THE RECORDS:
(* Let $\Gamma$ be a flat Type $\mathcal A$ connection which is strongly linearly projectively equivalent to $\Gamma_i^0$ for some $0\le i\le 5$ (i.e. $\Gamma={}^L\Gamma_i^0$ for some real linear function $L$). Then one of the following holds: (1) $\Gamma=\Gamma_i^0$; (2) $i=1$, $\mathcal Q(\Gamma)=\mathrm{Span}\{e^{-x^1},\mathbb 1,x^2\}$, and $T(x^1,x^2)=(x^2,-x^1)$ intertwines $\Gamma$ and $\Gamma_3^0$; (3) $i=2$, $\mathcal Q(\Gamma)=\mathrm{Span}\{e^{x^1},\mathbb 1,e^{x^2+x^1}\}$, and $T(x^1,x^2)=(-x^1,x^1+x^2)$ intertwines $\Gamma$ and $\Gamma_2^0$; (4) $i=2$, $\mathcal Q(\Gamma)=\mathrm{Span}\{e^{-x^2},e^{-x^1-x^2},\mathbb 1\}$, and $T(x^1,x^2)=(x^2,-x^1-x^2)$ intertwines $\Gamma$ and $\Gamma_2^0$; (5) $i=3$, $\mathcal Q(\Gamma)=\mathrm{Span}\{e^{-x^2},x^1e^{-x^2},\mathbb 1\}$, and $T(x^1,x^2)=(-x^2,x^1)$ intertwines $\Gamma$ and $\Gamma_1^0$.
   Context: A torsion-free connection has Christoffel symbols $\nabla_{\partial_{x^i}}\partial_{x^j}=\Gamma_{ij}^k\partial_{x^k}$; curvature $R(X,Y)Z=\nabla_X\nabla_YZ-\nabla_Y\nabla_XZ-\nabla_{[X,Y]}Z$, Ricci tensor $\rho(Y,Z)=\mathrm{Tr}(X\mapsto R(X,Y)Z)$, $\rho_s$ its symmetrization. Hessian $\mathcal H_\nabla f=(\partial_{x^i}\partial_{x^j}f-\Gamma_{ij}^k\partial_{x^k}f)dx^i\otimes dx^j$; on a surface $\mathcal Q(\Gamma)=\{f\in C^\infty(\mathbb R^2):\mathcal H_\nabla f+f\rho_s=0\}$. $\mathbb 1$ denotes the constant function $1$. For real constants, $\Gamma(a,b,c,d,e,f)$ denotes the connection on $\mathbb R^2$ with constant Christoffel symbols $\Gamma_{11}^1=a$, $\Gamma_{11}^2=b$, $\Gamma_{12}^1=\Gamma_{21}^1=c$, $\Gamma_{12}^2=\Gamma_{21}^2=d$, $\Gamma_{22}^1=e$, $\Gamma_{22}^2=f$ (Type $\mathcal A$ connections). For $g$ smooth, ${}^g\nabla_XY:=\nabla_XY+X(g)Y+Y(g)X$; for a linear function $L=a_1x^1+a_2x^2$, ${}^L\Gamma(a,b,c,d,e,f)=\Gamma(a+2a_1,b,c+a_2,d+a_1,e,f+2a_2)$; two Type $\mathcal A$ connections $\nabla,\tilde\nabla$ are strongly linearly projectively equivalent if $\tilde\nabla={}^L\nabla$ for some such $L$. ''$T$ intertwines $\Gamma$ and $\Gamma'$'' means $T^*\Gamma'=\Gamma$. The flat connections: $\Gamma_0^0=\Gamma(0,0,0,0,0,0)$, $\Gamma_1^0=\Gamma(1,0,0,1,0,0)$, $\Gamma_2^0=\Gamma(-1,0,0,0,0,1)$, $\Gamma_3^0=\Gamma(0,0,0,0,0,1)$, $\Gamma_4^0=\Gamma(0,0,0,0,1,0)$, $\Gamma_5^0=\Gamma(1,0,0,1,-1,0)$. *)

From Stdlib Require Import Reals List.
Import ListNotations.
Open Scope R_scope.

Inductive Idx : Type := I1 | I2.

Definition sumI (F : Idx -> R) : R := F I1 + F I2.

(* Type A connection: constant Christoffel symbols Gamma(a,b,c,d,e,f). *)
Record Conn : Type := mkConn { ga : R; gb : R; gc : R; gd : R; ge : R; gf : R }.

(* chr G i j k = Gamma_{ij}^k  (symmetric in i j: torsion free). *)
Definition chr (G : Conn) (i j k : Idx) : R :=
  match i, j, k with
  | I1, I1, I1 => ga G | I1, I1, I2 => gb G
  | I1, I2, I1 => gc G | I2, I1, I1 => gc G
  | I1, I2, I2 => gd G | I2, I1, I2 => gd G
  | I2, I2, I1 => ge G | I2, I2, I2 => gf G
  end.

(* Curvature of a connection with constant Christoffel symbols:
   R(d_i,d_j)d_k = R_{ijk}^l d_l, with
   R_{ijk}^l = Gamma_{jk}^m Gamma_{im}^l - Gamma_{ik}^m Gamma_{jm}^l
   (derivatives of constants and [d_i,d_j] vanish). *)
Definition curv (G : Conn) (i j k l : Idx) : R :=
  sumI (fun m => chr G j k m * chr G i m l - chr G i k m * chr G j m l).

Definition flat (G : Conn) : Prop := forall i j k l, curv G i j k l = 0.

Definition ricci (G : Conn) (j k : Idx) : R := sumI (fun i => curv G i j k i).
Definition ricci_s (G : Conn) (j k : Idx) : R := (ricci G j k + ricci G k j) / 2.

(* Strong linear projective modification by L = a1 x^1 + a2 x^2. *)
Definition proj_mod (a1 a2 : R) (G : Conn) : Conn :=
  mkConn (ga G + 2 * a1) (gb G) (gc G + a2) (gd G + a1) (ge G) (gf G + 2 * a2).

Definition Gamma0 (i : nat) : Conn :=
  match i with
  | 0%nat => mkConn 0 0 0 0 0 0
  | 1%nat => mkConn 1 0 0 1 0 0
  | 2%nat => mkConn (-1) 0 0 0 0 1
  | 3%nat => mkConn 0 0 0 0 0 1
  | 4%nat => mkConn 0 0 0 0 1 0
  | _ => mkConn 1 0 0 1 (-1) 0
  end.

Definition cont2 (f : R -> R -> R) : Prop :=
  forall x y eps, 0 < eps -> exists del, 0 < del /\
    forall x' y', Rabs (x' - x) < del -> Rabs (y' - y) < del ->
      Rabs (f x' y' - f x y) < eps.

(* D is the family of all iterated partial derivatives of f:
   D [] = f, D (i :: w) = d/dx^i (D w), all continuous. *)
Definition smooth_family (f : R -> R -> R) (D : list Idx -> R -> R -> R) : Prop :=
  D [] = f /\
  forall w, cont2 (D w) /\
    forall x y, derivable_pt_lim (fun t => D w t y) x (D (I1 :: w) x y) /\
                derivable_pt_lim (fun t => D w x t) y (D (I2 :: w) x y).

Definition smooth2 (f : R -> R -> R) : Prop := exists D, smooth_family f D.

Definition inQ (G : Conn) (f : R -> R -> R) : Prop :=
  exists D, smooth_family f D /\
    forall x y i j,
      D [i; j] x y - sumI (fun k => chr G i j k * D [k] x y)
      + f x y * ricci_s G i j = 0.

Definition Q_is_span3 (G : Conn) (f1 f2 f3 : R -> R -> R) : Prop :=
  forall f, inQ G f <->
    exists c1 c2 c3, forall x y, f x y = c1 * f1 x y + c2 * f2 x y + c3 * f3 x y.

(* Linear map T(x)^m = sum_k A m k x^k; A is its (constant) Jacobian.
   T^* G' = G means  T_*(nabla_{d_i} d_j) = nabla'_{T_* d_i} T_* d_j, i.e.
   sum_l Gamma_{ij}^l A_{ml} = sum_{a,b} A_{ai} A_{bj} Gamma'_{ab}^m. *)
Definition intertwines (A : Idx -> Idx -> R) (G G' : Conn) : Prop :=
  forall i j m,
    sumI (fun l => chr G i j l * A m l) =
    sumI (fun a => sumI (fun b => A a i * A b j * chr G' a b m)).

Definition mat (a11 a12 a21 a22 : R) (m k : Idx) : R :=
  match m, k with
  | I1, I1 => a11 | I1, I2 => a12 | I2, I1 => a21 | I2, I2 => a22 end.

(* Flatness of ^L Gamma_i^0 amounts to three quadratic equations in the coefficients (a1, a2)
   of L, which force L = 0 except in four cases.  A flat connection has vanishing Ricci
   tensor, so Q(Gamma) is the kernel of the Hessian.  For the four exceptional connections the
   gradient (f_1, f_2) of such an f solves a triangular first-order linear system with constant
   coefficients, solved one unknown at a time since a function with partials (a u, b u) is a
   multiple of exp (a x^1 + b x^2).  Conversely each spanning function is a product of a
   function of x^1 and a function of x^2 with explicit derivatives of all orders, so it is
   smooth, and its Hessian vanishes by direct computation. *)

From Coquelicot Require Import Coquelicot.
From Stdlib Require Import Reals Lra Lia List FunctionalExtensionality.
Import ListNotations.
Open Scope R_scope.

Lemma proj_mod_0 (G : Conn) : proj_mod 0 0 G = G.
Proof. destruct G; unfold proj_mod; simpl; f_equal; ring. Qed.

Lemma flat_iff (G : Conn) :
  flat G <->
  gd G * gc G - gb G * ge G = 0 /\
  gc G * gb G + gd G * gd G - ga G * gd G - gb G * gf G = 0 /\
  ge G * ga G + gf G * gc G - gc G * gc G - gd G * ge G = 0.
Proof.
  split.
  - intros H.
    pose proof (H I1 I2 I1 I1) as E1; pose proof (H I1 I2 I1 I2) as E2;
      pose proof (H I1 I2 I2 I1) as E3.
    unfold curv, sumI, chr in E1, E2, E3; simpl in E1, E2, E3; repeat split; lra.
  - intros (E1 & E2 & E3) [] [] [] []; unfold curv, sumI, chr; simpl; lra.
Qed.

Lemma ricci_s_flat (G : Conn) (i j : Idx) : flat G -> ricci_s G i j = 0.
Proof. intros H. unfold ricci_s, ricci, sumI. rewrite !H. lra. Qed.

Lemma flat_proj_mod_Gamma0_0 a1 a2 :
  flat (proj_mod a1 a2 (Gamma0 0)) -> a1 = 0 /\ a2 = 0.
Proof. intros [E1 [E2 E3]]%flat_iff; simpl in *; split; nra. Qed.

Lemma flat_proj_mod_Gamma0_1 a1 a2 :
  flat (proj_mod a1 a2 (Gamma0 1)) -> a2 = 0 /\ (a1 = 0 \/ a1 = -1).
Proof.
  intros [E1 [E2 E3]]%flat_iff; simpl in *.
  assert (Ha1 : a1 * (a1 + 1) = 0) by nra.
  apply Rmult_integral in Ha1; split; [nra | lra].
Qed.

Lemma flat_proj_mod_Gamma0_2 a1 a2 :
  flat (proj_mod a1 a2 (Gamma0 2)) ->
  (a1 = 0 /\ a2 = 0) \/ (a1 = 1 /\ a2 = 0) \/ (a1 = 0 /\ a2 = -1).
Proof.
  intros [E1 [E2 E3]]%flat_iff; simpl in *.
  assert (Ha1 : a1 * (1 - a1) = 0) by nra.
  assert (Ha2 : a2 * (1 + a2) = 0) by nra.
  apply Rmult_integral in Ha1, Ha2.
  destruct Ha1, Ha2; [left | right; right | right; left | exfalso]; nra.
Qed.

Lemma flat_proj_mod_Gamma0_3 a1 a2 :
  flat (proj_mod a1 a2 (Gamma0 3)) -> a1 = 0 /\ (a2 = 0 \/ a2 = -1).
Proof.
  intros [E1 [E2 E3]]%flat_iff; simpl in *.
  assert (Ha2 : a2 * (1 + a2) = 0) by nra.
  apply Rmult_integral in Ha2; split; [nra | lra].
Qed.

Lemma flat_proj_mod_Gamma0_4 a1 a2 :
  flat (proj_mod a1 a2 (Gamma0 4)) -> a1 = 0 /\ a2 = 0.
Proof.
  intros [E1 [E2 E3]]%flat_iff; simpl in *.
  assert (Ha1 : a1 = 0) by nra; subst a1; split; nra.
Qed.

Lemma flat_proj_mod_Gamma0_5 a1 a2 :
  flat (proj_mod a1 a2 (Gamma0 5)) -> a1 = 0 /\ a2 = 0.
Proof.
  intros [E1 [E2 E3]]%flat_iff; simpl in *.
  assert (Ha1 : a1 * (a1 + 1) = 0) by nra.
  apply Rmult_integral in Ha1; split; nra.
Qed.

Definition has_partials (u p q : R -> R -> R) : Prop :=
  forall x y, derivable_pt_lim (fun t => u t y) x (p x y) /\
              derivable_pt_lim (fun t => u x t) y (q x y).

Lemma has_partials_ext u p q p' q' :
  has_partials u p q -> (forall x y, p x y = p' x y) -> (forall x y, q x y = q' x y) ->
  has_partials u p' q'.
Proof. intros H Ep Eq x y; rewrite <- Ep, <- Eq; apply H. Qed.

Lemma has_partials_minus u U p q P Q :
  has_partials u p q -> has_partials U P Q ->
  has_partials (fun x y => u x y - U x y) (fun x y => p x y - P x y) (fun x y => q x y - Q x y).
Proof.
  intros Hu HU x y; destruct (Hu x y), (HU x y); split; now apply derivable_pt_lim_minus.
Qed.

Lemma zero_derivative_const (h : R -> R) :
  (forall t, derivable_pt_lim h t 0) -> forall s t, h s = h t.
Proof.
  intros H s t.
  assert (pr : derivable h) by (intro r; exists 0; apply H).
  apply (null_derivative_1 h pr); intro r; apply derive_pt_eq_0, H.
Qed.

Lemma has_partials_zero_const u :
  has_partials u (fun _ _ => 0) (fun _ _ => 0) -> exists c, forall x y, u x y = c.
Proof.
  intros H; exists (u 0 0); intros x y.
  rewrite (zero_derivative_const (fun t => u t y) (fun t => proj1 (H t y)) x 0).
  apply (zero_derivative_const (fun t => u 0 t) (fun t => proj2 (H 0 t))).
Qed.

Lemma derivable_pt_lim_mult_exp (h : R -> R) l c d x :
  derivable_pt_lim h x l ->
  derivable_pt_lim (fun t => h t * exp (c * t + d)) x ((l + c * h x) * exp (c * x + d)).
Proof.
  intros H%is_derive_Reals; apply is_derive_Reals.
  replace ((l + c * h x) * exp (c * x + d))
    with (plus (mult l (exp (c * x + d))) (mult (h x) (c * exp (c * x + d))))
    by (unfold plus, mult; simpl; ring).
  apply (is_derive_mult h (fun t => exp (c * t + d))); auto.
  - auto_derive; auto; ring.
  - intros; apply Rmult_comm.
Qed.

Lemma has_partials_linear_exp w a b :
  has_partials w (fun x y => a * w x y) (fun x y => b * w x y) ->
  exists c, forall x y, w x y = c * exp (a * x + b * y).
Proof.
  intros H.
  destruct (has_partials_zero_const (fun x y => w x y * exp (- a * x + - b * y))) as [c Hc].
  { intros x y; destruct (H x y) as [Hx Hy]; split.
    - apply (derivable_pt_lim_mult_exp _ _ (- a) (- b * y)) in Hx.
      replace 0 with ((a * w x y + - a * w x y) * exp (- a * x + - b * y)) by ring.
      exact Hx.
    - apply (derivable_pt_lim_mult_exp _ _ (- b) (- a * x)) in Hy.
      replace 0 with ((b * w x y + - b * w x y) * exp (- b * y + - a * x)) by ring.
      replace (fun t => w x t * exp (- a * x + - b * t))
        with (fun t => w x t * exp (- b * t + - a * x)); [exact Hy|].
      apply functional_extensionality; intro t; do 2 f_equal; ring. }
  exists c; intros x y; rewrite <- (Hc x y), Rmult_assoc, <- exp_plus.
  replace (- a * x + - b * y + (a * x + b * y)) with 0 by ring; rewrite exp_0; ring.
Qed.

WORK ITEM:
Among the entries above, copy exactly only the lines starting with the one containing "Definition proj_mod (a1" and going through the one containing "0 0 0 0 0 1", both ends included.

THE ANSWER:
Definition proj_mod (a1 a2 : R) (G : Conn) : Conn :=
  mkConn (ga G + 2 * a1) (gb G) (gc G + a2) (gd G + a1) (ge G) (gf G + 2 * a2).

Definition Gamma0 (i : nat) : Conn :=
  match i with
  | 0%nat => mkConn 0 0 0 0 0 0
  | 1%nat => mkConn 1 0 0 1 0 0
  | 2%nat => mkConn (-1) 0 0 0 0 1
  | 3%nat => mkConn 0 0 0 0 0 1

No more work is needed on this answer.